>>>>
Lemma consistent_data_uniq s : uniq (unzip1 s) -> consistent_data s.
Proof.
elim: s => [|[a b] s IH] //= /andP [Ha Hu] i n m; rewrite !in_cons.
case/orP => [/eqP [-> ->]|H1] /orP [/eqP|H2].
- by case=> ->.
- by case/negP: Ha; apply: (map_f fst H2).
- by case=> Ei _; case/negP: Ha; rewrite -Ei; apply: (map_f fst H1).
- exact: IH H1 H2.
Qed.

Lemma consistent_cnorm c : consistent (cnorm c).1 /\ consistent (cnorm c).2.
Proof.
have nf_s_consistent l : consistent_data (nf_s l).
  by move=> i n m /mapP [j _ [-> ->]] /mapP [k _ [-> ->]].
have shift_consistent m P l : consistent_data (map (shift_down m) (filter P (nf_s l))).
  move=> i n k /mapP [[a b] Hp [-> ->]] /mapP [[a' b'] Hq [E ->]] /=.
  rewrite !mem_filter in Hp Hq; case/andP: Hp => _ Hp; case/andP: Hq => _ Hq.
  by rewrite /= in E; rewrite E in Hp; rewrite (nf_s_consistent l a' b b').
by rewrite cnormE; split; apply: consistent_build; apply: shift_consistent.
Qed.

Lemma vars_cnorm c j : (j \in vars (cnorm c).1 -> j \in vars c.1) /\
                       (j \in vars (cnorm c).2 -> j \in vars c.2).
Proof.
have vars_nf_s l x : x \in unzip1 (nf_s l) -> x \in vars l.
  by rewrite /nf_s /unzip1 -map_comp map_id mem_sort mem_undup.
rewrite cnormE /= !vars_build /unzip1 -!map_comp.
by split=> /mapP [p]; rewrite mem_filter => /andP [_ Hp] ->; apply/vars_nf_s/map_f.
Qed.

Definition solves (s : lsubst) (D : seq constraint) :=
  forall c, c \in D -> lsem (subst s c.1) (subst s c.2).

Definition assign T (f : nat -> T) i (x : T) : nat -> T := fun j => if j == i then x else f j.

Lemma subst_subst1 s i L l : subst s (subst1 i L l) = subst (assign s i (subst s L)) l.
Proof. by rewrite /subst1 subst_comp; apply: eq_subst => j; rewrite /assign; case: (j == i). Qed.

Lemma vars_subst1 i L l j :
  j \in vars (subst1 i L l) -> (j \in vars l /\ j != i) \/ j \in vars L.
Proof.
move=> /vars_subst [k Hk]; case: (k =P i) => [_|/eqP ne]; first by right.
by rewrite /vars /= mem_seq1 => /eqP ->; left.
Qed.

Lemma in_varsC D j :
  reflect (exists2 c, c \in D & j \in vars c.1 ++ vars c.2) (j \in varsC D).
Proof. exact: flatten_mapP. Qed.

Lemma varsC_chat_substC i L C j : j \in varsC (chat (substC i L C)) ->
  (j \in varsC C /\ j != i) \/ j \in vars L.
Proof.
case/in_varsC=> _ /mapP [_ /mapP [c cC ->] ->]; rewrite mem_cat => jc.
have [V1 V2] := vars_cnorm (subst1 i L c.1, subst1 i L c.2) j.
have jcC : j \in vars c.1 ++ vars c.2 -> j \in varsC C by move=> jc'; apply/in_varsC; exists c.
by case/orP: jc => [/V1|/V2] /vars_subst1 [[jc' ji]|]; auto; left; split=> //;
  apply: jcC; rewrite mem_cat jc' ?orbT.
Qed.

Lemma solvesW f g D : solves f D -> {in varsC D, forall j, lsem (f j) (g j)} -> solves g D.
Proof.
move=> fD fg c cD.
have fgc j : j \in vars c.1 ++ vars c.2 -> lsem (f j) (g j).
  by move=> Hj; apply: fg; apply/in_varsC; exists c.
apply: lsem_trans (lsem_trans (fD c cD) _).
  by apply: lsem_subst_in => j Hj; apply/lsem_sym/fgc; rewrite mem_cat Hj.
by apply: lsem_subst_in => j Hj; apply/fgc; rewrite mem_cat Hj orbT.
Qed.

Lemma summands_atoms l x : x \in summands l -> {subset atoms x <= atoms l}.
Proof.
elim: l => [i||l _|a IHa b IHb] /=; try by rewrite mem_seq1 => /eqP ->.
by rewrite mem_cat => /orP [/IHa H|/IHb H] p /H Hp; rewrite mem_cat Hp ?orbT.
Qed.

(* [i] occurs in [l] only as the summand [s^0 i], so [l] evaluates to [max (h i) r]
   with [r] independent of [h i]. *)
Lemma leval_assign_self l i h :
  consistent l -> LVar i \in summands l ->
  leval (assign h i (leval h l)) l = leval h l.
Proof.
move=> cl /summands_atoms il; have i0 : (Some i, 0) \in atoms l by apply: il; rewrite mem_head.
have split_i g : leval g l =
    maxn (g i) (\max_(p <- atoms l | p.1 != Some i) atom_eval g p).
  rewrite leval_atoms (bigID (fun p => p.1 == Some i)) /=; congr maxn.
  apply/eqP; rewrite eqn_leq; apply/andP; split.
    apply/bigmax_leqP_seq => -[h' n] Hp /eqP /= E; rewrite E in Hp *.
    by rewrite /atom_eval /= (cl _ _ _ Hp i0) addn0.
  by apply: leq_trans (leq_bigmax_seq _ i0 _); rewrite /atom_eval /= ?addn0 ?eqxx.
have rest : \max_(p <- atoms l | p.1 != Some i) atom_eval (assign h i (leval h l)) p =
            \max_(p <- atoms l | p.1 != Some i) atom_eval h p.
  by apply: eq_bigr => -[[j|] n] //= ji; rewrite /atom_eval /assign /= ifN //; apply: contra ji => /eqP ->.
by rewrite [LHS]split_i rest {1}/assign eqxx [leval h l]split_i -maxnA maxnn.
Qed.

Lemma solves_decompose s s0 C : all (fun p => p.2 == 0) s0 ->
  solves s ((LZ, build 0 s0) :: C) <->
  solves s ([seq (LMax LZ (LVar p.1), LZ) | p <- s0] ++ C).
Proof.
move=> s0_0.
have zero_iff : lsem LZ (subst s (build 0 s0)) <->
    (forall p, p \in s0 -> lsem (LMax LZ (s p.1)) LZ).
  split=> [H p Hp rho | H rho].
    move: (H rho); rewrite /= leval_subst leval_build /leval_data.
    by move=> /esym /eqP; rewrite max0n -leqn0 => /bigmax_leqP_seq/(_ p Hp isT); lia.
  rewrite /= leval_subst leval_build /leval_data.
  apply/esym/eqP; rewrite max0n -leqn0; apply/bigmax_leqP_seq => p Hp _.
  by have := H p Hp rho; move: (allP s0_0 p Hp) => /eqP /= ->; rewrite max0n addn0 => ->.
split=> sol c.
- rewrite mem_cat => /orP [/mapP [p Hp ->]|Hc]; last by apply: sol; rewrite in_cons Hc orbT.
  by apply/(proj1 zero_iff) => //; apply: (sol (LZ, build 0 s0)); rewrite mem_head.
- rewrite in_cons => /orP [/eqP ->|Hc]; last by apply: sol; rewrite mem_cat Hc orbT.
  apply/zero_iff => p Hp; apply: (sol (LMax LZ (LVar p.1), LZ)).
  by rewrite mem_cat map_f.
Qed.

(** * The invariant of unification *)

Section Invariant.
Variables (fresh : pred nat) (C0 : seq constraint).
Hypothesis C0_not_fresh : forall i, i \in varsC C0 -> ~~ fresh i.

Record invariant (D : seq constraint) (th : lsubst) : Prop := Invariant {
  inv_dom : forall j, j \in varsC D -> th j = LVar j;
  inv_consistent : forall c, c \in D -> consistent c.1 /\ consistent c.2;
  inv_sound : forall s, solves s D -> solves (fun j => subst s (th j)) C0;
  inv_complete : forall tau, solves tau C0 ->
    exists2 s, solves s D & forall j, j \in varsC C0 -> lsem (tau j) (subst s (th j)) }.

Lemma invariant_equiv D D' th :
  {subset varsC D' <= varsC D} ->
  (forall c, c \in D' -> consistent c.1 /\ consistent c.2) ->
  (forall s, solves s D <-> solves s D') ->
  invariant D th -> invariant D' th.
Proof.
move=> sub cons sol [dom _ sound complete]; split=> //.
- by move=> j /sub; apply: dom.
- by move=> s /sol; apply: sound.
- by move=> tau /complete [s /sol]; exists s.
Qed.

Lemma invariant_elim i l L C th :
  invariant ((LMax LZ (LVar i), l) :: C) th ->
  i \notin vars L -> {in vars L, forall j, th j = LVar j} ->
  lsem L (subst1 i L l) ->
  (* [s'] may move only variables irrelevant to the problem, like the fresh [i'] of
     (Eliminate 2). *)
  (forall s, solves s ((LMax LZ (LVar i), l) :: C) -> exists2 s', lsem (subst s' L) (s i) &
     forall k, k != i -> [\/ k \in varsC C, k \in varsC C0 | in_range th k] -> s' k = s k) ->
  invariant (chat (substC i L C)) (upd th i L).
Proof.
set c := (LMax LZ (LVar i), l); move=> [dom cons sound complete] iL domL fixL extend.
have thi : th i = LVar i by apply: dom; rewrite /= !mem_cat /vars /= mem_head.
have memD c' : c' \in chat (substC i L C) ->
    exists2 c0, c0 \in C & c' = cnorm (subst1 i L c0.1, subst1 i L c0.2).
  by move=> /mapP [_ /mapP [c0 Hc0 ->] ->]; exists c0.
have solD s' : solves s' (chat (substC i L C)) <->
    solves (assign s' i (subst s' L)) C.
  split=> sol c0 Hc0.
    have := sol _ (map_f cnorm (map_f (fun c => (subst1 i L c.1, subst1 i L c.2)) Hc0)).
    by rewrite lsem_cnorm /= !subst_subst1.
  by case/memD: Hc0 => c1 Hc1 ->; rewrite lsem_cnorm /= !subst_subst1; apply: sol.
split.
- move=> j /varsC_chat_substC jD; have [ji thj] : j != i /\ th j = LVar j.
    case: jD => [[jC ji] | jL]; last by split; [apply: contraNneq iL => <- | apply: domL].
    by split=> //; apply: dom; rewrite /= !mem_cat jC !orbT.
  by rewrite /upd (negPf ji) thj eqxx.
- by move=> _ /memD [c0 _ ->]; apply: consistent_cnorm.
- move=> s /solD sol; set s' := assign s i (subst s L).
  have sol' : solves s' (c :: C).
    move=> c1; rewrite in_cons => /orP [/eqP ->|/sol //] rho /=.
    by rewrite /s' {1}/assign eqxx -subst_subst1 max0n; apply: lsem_subst.
  apply: solvesW (sound _ sol') _ => j _; rewrite /upd /s'.
  case: (j =P i) => [->|/eqP ji]; first by rewrite thi /= /assign eqxx.
  case: (th j =P LVar j) => [->|_] /=; first by rewrite /assign (negPf ji).
  by rewrite -subst_subst1; apply/lsem_subst/lsem_sym/lsem_lnorm.
- move=> tau /complete [s sol tau_s]; have [s' s'L s's] := extend s sol.
  exists s'.
  + apply/solD; have solC : solves s C by move=> c1 Hc1; apply: sol; rewrite in_cons Hc1 orbT.
    apply: solvesW solC _ => j jC; rewrite /assign.
    case: (j =P i) => [->|/eqP ji]; first exact: lsem_sym.
    by rewrite s's //; apply: Or31.
  + move=> j jC0; apply: lsem_trans (tau_s j jC0) _; rewrite /upd.
    case: (j =P i) => [->|/eqP ji]; first by rewrite thi; apply: lsem_sym.
    case: (th j =P LVar j) => [->|thj] /=; first by rewrite s's //; apply: Or32.
    apply: lsem_trans _ (lsem_sym (lsem_subst s' (lsem_lnorm _))).
    rewrite subst_subst1; apply: lsem_subst_in => k Hk; rewrite /assign.
    case: (k =P i) => [->|/eqP ki]; first exact: lsem_sym.
    by rewrite s's //; apply: Or33; exists j.
Qed.

Lemma invariant_trivial l C th : invariant ((l, l) :: C) th -> invariant C th.
Proof.
move=> inv; have [_ cons _ _] := inv; apply: invariant_equiv inv.
- by move=> j jC; rewrite /= !mem_cat jC !orbT.
- by move=> c cC; apply: cons; rewrite in_cons cC orbT.
- split=> sol c cC; first by apply: sol; rewrite in_cons cC orbT.
  by move: cC; rewrite in_cons => /orP [/eqP -> //|]; apply: sol.
Qed.

Lemma invariant_orient l l' C th : invariant ((l, l') :: C) th -> invariant ((l', l) :: C) th.
Proof.
move=> inv; have [_ cons _ _] := inv; apply: invariant_equiv inv.
- by move=> j; rewrite /= !mem_cat => /orP [/orP [] | ] ->; rewrite ?orbT.
- move=> c; rewrite in_cons => /orP [/eqP -> | cC]; last by apply: cons; rewrite in_cons cC orbT.
  by have [] := cons _ (mem_head _ _).
- have swap a b s : solves s ((a, b) :: C) -> solves s ((b, a) :: C).
    move=> sol c; rewrite in_cons => /orP [/eqP -> | cC]; last by apply: sol; rewrite in_cons cC orbT.
    by apply: lsem_sym; apply: (sol (a, b)); rewrite mem_head.
  by move=> s; split; apply: swap.
Qed.

Lemma invariant_elim1 i l C th :
  i \notin vars l -> invariant ((LMax LZ (LVar i), l) :: C) th ->
  invariant (chat (substC i l C)) (upd th i l).
Proof.
move=> il inv; have [dom _ _ _] := inv; apply: (invariant_elim inv il).
- by move=> j jl; apply: dom; rewrite /= !mem_cat jl !orbT.
- rewrite /subst1 (@eq_in_subst _ idsubst) ?subst_id // => j jl.
  by rewrite ifN //; apply: contraNneq il => <-.
- move=> s sol; exists s => //; have := sol _ (mem_head _ _).
  by move=> /lsem_sym /lsem_trans; apply => rho /=; rewrite max0n.
Qed.

Lemma invariant_elim2 i l i' C th :
  fresh i' -> i' != i -> i' \notin vars l -> i' \notin varsC C ->
  ~ in_dom th i' -> ~ in_range th i' -> LVar i \in summands l ->
  invariant ((LMax LZ (LVar i), l) :: C) th ->
  invariant (chat (substC i (subst1 i (LVar i') l) C)) (upd th i (subst1 i (LVar i') l)).
Proof.
move=> fresh_i' i'i i'l i'C i'dom i'range il inv; have [dom cons _ _] := inv.
have thi' : th i' = LVar i' by apply/eqP; apply: contraT => /eqP.
set L := subst1 i (LVar i') l.
have varsL j : j \in vars L -> (j \in vars l /\ j != i) \/ j = i'.
  by case/vars_subst1 => [|]; [left | rewrite /vars /= mem_seq1 => /eqP; right].
apply: (invariant_elim inv) => [|j /varsL [[jl _] | ->] //||s sol].
- by apply/negP => /varsL [[_ /eqP] | /eqP]; rewrite // eq_sym (negPf i'i).
- by apply: dom; rewrite /= !mem_cat jl !orbT.
- move=> rho; pose h := assign rho i (rho i').
  have Lh : leval rho L = leval h l.
    by rewrite leval_subst; apply: eq_in_leval => j _; rewrite /h /assign; case: (j == i).
  rewrite Lh leval_subst -(leval_assign_self h (proj2 (cons _ (mem_head _ _))) il).
  apply: eq_in_leval => j _ /=; rewrite {1}/assign; case: ifP => ji; first by rewrite Lh.
  by rewrite /h /assign ji.
- exists (assign s i' (s i)).
    rewrite subst_subst1 /=; have -> : assign s i' (s i) i' = s i by rewrite /assign eqxx.
    apply: lsem_trans (_ : lsem (subst s l) _).
      apply: lsem_subst_in => j jl; rewrite /assign; case: (j =P i) => [-> //|_].
      by rewrite ifN //; apply: contraNneq i'l => <-.
    by move=> rho; rewrite -(sol _ (mem_head _ _) rho) /= max0n.
  move=> k _ rel; rewrite /assign ifN //; apply/eqP => ki'; rewrite {k}ki' in rel.
  case: rel => [i'C' | /C0_not_fresh | //]; [by rewrite i'C' in i'C | by rewrite fresh_i'].
Qed.

Lemma invariant_decompose s0 C th : all (fun p => p.2 == 0) s0 ->
  invariant ((LZ, build 0 s0) :: C) th ->
  invariant ([seq (LMax LZ (LVar p.1), LZ) | p <- s0] ++ C) th.
Proof.
move=> s0_0 inv; have [_ cons _ _] := inv.
apply: invariant_equiv inv => [j | c | s]; last exact: solves_decompose.
- move=> /in_varsC [c]; rewrite mem_cat => /orP [/mapP [p ps0 ->] | cC] jc; last first.
    by rewrite /= mem_cat; apply/orP; right; apply/in_varsC; exists c.
  move: jc; rewrite /= mem_seq1 => /eqP ->.
  by rewrite !mem_cat vars_build map_f.
- rewrite mem_cat => /orP [/mapP [p _ ->] | cC]; last by apply: cons; rewrite in_cons cC orbT.
  by split=> j n m /=; rewrite !inE // => /orP [//|/eqP [_ <-]] /orP [//|/eqP [_ <-]].
Qed.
<<<<
• _Problem details_: Working from the entries above, find every line in which the word "notin" occurs and copy it.

• _Result_:
  i \notin vars L -> {in vars L, forall j, th j = LVar j} ->
  i \notin vars l -> invariant ((LMax LZ (LVar i), l) :: C) th ->
  fresh i' -> i' != i -> i' \notin vars l -> i' \notin varsC C ->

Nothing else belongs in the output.